Items listed in a dataset

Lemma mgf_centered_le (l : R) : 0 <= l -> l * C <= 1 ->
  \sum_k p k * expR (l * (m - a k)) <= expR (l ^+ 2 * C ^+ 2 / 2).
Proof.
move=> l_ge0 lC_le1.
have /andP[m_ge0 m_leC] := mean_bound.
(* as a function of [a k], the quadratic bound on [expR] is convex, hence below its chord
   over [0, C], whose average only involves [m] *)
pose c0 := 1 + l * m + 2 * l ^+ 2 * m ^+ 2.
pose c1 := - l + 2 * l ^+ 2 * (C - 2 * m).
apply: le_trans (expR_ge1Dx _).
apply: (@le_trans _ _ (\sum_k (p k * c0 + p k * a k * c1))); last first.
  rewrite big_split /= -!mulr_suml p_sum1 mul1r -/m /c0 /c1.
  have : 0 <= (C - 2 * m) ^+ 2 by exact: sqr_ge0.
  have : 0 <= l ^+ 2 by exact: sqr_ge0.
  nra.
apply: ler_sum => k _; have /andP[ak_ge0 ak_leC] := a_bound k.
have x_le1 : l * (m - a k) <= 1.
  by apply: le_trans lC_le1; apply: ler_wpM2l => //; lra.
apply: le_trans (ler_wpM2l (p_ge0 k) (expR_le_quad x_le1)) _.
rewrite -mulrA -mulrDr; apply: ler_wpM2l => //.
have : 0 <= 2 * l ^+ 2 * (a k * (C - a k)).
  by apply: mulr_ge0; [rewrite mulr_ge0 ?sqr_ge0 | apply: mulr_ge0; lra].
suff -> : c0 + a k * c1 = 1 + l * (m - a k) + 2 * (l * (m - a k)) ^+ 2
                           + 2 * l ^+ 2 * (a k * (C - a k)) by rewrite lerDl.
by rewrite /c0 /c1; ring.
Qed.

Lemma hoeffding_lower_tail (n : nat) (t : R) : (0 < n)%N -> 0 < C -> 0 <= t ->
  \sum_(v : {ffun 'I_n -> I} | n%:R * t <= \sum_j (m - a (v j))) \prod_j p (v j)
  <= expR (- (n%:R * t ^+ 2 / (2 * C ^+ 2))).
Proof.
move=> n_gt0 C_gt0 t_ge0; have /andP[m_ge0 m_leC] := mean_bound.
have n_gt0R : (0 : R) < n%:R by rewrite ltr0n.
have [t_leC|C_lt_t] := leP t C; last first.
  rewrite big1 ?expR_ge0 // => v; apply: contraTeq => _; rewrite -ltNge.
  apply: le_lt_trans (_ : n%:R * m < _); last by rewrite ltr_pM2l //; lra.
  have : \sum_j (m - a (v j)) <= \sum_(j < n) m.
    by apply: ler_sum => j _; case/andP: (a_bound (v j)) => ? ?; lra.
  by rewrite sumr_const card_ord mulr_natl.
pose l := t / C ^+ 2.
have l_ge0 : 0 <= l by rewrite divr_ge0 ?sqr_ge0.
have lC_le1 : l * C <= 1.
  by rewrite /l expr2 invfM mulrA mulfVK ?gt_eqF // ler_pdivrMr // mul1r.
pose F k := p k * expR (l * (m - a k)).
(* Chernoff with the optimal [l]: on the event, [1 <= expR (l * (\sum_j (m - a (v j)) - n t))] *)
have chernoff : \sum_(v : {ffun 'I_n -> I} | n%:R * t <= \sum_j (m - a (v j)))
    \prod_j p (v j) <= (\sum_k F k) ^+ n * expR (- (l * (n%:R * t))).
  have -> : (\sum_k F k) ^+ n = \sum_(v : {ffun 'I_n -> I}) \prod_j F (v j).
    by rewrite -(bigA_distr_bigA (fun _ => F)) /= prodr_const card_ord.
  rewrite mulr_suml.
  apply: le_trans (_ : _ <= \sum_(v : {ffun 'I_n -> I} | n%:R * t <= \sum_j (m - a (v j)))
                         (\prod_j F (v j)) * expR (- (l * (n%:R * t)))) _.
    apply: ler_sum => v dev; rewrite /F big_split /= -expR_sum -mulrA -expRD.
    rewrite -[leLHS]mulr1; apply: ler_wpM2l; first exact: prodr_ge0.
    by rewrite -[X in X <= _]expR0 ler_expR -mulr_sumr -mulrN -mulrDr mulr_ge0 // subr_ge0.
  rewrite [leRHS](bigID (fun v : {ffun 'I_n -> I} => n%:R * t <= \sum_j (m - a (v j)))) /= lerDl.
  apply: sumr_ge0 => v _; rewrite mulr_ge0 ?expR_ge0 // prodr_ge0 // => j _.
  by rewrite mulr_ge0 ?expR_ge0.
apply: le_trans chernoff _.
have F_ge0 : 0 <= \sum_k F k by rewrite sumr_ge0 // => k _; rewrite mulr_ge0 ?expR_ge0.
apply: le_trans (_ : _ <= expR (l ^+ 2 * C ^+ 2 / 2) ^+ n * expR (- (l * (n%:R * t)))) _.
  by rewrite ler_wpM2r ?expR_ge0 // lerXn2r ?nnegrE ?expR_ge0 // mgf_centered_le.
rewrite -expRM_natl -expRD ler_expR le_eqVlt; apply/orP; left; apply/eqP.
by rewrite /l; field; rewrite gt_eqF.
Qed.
* * *
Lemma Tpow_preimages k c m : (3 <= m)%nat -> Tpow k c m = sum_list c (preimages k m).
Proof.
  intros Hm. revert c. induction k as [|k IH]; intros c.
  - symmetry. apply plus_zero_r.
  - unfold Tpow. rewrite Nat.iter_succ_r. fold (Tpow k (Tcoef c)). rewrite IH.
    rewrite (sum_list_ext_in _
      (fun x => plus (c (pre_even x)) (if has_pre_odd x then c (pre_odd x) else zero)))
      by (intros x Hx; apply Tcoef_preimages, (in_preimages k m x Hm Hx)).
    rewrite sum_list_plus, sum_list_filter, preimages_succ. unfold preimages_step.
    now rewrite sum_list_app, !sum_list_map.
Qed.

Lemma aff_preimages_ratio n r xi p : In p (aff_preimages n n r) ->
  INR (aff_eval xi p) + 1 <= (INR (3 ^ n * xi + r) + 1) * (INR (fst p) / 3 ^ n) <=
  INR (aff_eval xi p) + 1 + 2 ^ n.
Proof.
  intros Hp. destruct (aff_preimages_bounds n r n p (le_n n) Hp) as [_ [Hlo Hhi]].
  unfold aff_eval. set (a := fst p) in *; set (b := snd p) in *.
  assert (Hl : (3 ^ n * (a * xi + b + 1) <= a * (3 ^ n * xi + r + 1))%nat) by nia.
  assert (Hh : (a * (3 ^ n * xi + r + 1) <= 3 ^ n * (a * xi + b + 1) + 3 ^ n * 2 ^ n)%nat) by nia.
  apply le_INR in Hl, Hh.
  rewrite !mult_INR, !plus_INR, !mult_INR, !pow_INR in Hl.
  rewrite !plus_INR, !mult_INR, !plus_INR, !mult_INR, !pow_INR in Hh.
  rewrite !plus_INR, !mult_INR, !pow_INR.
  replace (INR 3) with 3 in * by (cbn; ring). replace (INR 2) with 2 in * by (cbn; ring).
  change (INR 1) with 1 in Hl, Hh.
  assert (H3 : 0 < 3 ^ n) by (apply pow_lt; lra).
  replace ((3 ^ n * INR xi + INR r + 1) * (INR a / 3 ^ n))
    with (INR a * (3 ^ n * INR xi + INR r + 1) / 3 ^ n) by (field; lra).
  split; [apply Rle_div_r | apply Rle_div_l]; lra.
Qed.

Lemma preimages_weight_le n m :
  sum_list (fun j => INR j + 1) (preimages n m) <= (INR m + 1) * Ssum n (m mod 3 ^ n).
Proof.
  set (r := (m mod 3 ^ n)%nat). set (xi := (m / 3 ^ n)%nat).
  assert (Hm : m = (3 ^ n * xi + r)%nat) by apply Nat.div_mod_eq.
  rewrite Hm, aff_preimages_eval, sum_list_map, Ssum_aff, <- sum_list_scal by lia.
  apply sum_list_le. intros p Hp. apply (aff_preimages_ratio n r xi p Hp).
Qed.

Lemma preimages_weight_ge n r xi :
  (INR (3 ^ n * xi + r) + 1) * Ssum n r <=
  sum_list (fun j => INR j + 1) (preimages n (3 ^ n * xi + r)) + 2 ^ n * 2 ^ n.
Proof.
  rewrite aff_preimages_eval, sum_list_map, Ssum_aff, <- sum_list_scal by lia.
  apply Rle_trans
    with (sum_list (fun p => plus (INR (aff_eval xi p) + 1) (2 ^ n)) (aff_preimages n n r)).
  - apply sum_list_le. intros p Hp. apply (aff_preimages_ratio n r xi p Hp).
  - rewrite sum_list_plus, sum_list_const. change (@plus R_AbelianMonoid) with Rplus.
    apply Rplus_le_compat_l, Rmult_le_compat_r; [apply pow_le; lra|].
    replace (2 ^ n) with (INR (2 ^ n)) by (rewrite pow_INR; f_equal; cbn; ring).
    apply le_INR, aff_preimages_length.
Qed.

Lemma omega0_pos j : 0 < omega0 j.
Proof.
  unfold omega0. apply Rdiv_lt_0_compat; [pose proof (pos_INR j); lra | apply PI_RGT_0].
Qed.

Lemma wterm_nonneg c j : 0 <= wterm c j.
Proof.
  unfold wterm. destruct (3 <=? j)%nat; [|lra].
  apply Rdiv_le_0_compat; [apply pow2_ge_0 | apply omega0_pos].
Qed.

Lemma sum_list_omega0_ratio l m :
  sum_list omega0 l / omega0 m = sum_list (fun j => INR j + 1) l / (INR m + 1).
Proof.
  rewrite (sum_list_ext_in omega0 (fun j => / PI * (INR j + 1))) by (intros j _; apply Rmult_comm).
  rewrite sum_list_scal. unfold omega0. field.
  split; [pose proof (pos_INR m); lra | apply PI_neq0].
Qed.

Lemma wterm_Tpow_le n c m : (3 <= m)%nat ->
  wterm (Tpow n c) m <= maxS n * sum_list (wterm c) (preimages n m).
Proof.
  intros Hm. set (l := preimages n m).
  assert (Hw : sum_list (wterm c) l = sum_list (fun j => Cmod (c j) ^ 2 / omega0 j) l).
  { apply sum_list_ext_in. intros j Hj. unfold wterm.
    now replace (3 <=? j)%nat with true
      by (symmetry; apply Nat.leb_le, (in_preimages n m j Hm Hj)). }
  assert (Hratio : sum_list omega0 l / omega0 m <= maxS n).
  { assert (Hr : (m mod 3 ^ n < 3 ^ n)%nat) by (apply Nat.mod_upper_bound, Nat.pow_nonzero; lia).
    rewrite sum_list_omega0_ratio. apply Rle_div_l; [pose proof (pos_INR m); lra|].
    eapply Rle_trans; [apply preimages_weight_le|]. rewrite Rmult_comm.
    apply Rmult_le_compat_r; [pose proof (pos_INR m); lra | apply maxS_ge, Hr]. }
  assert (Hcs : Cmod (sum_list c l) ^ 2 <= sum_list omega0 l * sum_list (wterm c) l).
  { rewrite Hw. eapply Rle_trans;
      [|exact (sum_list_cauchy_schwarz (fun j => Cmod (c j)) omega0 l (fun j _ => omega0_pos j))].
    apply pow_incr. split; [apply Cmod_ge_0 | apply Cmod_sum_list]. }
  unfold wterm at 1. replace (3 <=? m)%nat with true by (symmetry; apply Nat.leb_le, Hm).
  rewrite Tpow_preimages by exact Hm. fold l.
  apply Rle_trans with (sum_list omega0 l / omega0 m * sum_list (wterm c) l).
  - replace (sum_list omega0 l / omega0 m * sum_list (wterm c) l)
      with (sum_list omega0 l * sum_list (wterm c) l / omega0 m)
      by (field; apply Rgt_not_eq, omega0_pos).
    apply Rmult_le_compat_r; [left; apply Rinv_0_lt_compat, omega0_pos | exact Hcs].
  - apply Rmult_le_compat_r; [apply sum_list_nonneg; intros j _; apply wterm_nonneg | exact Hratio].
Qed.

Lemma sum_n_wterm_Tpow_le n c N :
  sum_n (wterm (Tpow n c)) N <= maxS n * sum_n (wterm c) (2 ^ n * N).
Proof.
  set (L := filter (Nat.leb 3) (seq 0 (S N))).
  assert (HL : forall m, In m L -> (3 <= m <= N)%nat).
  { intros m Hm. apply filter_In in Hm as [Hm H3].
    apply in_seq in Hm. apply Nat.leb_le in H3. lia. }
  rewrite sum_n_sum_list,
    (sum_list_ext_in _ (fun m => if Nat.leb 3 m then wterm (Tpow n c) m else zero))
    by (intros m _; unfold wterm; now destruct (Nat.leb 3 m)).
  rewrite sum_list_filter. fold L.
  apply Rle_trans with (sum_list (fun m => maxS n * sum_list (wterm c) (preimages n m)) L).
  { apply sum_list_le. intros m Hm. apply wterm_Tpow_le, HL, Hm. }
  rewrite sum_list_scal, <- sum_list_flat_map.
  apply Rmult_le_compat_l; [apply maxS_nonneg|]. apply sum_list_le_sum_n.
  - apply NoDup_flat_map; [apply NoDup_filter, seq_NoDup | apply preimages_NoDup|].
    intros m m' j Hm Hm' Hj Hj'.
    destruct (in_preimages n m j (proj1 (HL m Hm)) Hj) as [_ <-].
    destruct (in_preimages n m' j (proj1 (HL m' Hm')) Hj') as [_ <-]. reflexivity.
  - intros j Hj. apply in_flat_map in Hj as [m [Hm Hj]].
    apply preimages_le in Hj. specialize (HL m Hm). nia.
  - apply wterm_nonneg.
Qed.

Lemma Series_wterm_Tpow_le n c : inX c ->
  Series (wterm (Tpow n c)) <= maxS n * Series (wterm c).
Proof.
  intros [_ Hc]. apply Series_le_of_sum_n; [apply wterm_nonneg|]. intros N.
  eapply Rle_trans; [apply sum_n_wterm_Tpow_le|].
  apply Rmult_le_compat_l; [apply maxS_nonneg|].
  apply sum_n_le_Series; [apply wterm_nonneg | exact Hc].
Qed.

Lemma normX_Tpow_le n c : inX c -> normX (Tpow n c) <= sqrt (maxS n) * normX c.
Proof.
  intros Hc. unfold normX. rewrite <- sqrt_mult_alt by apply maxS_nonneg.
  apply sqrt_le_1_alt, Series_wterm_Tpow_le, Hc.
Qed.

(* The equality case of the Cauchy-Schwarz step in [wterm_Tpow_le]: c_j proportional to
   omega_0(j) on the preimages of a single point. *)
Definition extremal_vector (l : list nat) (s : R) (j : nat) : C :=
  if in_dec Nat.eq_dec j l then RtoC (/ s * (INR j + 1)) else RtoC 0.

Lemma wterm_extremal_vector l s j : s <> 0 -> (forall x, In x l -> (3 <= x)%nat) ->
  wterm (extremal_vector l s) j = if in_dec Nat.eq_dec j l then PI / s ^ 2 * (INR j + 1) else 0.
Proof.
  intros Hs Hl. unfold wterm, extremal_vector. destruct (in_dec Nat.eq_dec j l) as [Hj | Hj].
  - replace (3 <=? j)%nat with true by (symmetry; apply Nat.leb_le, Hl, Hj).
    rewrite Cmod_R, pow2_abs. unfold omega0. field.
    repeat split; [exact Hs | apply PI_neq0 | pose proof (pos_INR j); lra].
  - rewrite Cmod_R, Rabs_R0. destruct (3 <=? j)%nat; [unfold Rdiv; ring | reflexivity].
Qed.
==
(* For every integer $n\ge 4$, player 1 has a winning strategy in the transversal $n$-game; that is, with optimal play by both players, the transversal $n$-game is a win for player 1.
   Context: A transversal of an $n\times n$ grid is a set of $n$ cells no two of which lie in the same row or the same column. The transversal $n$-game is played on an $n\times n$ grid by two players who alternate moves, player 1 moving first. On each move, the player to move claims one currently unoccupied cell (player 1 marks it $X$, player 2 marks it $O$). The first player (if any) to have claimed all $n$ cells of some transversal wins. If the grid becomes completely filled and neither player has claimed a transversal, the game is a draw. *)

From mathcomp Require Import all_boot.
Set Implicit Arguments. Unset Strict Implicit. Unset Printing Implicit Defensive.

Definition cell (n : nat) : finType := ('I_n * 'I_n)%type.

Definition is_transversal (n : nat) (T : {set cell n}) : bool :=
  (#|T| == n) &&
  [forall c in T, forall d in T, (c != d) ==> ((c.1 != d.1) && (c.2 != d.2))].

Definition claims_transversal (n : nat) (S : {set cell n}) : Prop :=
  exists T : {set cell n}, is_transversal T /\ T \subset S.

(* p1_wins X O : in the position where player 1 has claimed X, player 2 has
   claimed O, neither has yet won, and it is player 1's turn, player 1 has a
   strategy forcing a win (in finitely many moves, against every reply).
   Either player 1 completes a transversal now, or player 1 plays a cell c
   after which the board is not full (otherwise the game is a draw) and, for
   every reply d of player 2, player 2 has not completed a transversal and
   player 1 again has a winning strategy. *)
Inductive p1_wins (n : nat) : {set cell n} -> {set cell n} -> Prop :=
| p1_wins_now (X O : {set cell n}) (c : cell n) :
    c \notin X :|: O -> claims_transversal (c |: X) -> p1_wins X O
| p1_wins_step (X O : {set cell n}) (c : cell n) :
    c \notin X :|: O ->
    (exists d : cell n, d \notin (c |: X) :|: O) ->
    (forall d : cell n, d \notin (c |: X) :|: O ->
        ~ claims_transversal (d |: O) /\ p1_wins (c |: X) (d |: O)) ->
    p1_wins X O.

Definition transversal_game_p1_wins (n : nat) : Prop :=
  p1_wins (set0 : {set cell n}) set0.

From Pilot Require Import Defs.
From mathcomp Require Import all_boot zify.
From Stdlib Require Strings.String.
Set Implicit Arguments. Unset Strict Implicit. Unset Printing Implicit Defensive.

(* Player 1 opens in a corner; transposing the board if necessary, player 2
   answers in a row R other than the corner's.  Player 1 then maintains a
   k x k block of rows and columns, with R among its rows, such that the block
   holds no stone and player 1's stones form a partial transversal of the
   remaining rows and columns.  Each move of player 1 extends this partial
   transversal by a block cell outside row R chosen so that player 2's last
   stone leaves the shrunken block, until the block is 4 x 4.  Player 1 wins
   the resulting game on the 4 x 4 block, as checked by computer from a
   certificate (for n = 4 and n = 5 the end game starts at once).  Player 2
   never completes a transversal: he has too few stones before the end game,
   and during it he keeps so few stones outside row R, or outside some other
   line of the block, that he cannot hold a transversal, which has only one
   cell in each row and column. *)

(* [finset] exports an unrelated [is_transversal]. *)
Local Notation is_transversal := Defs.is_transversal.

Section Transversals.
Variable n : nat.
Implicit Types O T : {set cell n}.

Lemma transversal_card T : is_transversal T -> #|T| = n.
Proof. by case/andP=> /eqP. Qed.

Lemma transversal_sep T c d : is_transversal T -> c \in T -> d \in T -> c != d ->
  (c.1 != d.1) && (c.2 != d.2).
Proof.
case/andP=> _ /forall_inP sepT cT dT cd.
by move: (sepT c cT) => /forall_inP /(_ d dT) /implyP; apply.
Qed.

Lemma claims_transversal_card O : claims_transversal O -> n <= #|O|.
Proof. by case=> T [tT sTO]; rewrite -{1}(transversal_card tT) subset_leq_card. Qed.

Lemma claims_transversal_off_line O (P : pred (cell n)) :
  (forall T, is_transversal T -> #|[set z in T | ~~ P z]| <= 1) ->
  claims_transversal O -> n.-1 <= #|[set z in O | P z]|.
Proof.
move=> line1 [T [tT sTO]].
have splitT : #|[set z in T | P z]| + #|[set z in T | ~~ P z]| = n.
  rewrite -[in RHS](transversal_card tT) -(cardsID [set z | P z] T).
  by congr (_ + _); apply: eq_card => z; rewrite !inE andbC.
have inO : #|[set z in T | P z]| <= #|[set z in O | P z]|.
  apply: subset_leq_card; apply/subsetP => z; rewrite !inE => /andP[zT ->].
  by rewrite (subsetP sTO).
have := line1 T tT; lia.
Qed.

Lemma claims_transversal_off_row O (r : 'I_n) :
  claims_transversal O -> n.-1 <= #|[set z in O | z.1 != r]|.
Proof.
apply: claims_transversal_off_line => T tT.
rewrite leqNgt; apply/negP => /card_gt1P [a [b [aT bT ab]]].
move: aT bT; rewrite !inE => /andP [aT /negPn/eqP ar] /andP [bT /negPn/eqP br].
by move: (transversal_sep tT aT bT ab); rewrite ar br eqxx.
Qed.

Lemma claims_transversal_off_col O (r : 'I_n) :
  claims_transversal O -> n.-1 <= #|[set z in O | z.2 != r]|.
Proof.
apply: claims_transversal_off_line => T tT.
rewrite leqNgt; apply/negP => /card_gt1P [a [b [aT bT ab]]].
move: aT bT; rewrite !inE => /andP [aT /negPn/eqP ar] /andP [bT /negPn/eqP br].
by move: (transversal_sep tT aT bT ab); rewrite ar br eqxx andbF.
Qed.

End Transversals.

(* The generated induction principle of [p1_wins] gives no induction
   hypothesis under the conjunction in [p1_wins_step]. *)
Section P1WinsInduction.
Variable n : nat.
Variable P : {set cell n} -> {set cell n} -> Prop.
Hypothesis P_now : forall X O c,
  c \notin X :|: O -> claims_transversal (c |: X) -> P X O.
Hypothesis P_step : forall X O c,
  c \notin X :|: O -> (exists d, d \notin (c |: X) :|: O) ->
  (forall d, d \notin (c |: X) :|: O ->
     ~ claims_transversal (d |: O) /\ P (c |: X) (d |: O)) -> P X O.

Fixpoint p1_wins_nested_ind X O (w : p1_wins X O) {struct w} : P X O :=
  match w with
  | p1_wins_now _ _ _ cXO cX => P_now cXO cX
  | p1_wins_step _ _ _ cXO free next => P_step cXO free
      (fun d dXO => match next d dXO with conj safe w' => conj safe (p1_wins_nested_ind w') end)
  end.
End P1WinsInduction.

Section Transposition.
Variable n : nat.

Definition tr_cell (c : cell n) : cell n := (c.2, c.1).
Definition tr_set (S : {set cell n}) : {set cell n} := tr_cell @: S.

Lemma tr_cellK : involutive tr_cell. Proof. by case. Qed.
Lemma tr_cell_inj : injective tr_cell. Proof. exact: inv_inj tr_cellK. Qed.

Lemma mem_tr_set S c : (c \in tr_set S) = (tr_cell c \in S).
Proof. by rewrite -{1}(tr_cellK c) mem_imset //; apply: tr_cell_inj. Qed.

◆ **Task goal**
Find "Context: A transversal" in the entries above and copy that whole line exactly, then each line after it through the line that contains "T \subset S.".

◆ **Finished task**
   Context: A transversal of an $n\times n$ grid is a set of $n$ cells no two of which lie in the same row or the same column. The transversal $n$-game is played on an $n\times n$ grid by two players who alternate moves, player 1 moving first. On each move, the player to move claims one currently unoccupied cell (player 1 marks it $X$, player 2 marks it $O$). The first player (if any) to have claimed all $n$ cells of some transversal wins. If the grid becomes completely filled and neither player has claimed a transversal, the game is a draw. *)

From mathcomp Require Import all_boot.
Set Implicit Arguments. Unset Strict Implicit. Unset Printing Implicit Defensive.

Definition cell (n : nat) : finType := ('I_n * 'I_n)%type.

Definition is_transversal (n : nat) (T : {set cell n}) : bool :=
  (#|T| == n) &&
  [forall c in T, forall d in T, (c != d) ==> ((c.1 != d.1) && (c.2 != d.2))].

Definition claims_transversal (n : nat) (S : {set cell n}) : Prop :=
  exists T : {set cell n}, is_transversal T /\ T \subset S.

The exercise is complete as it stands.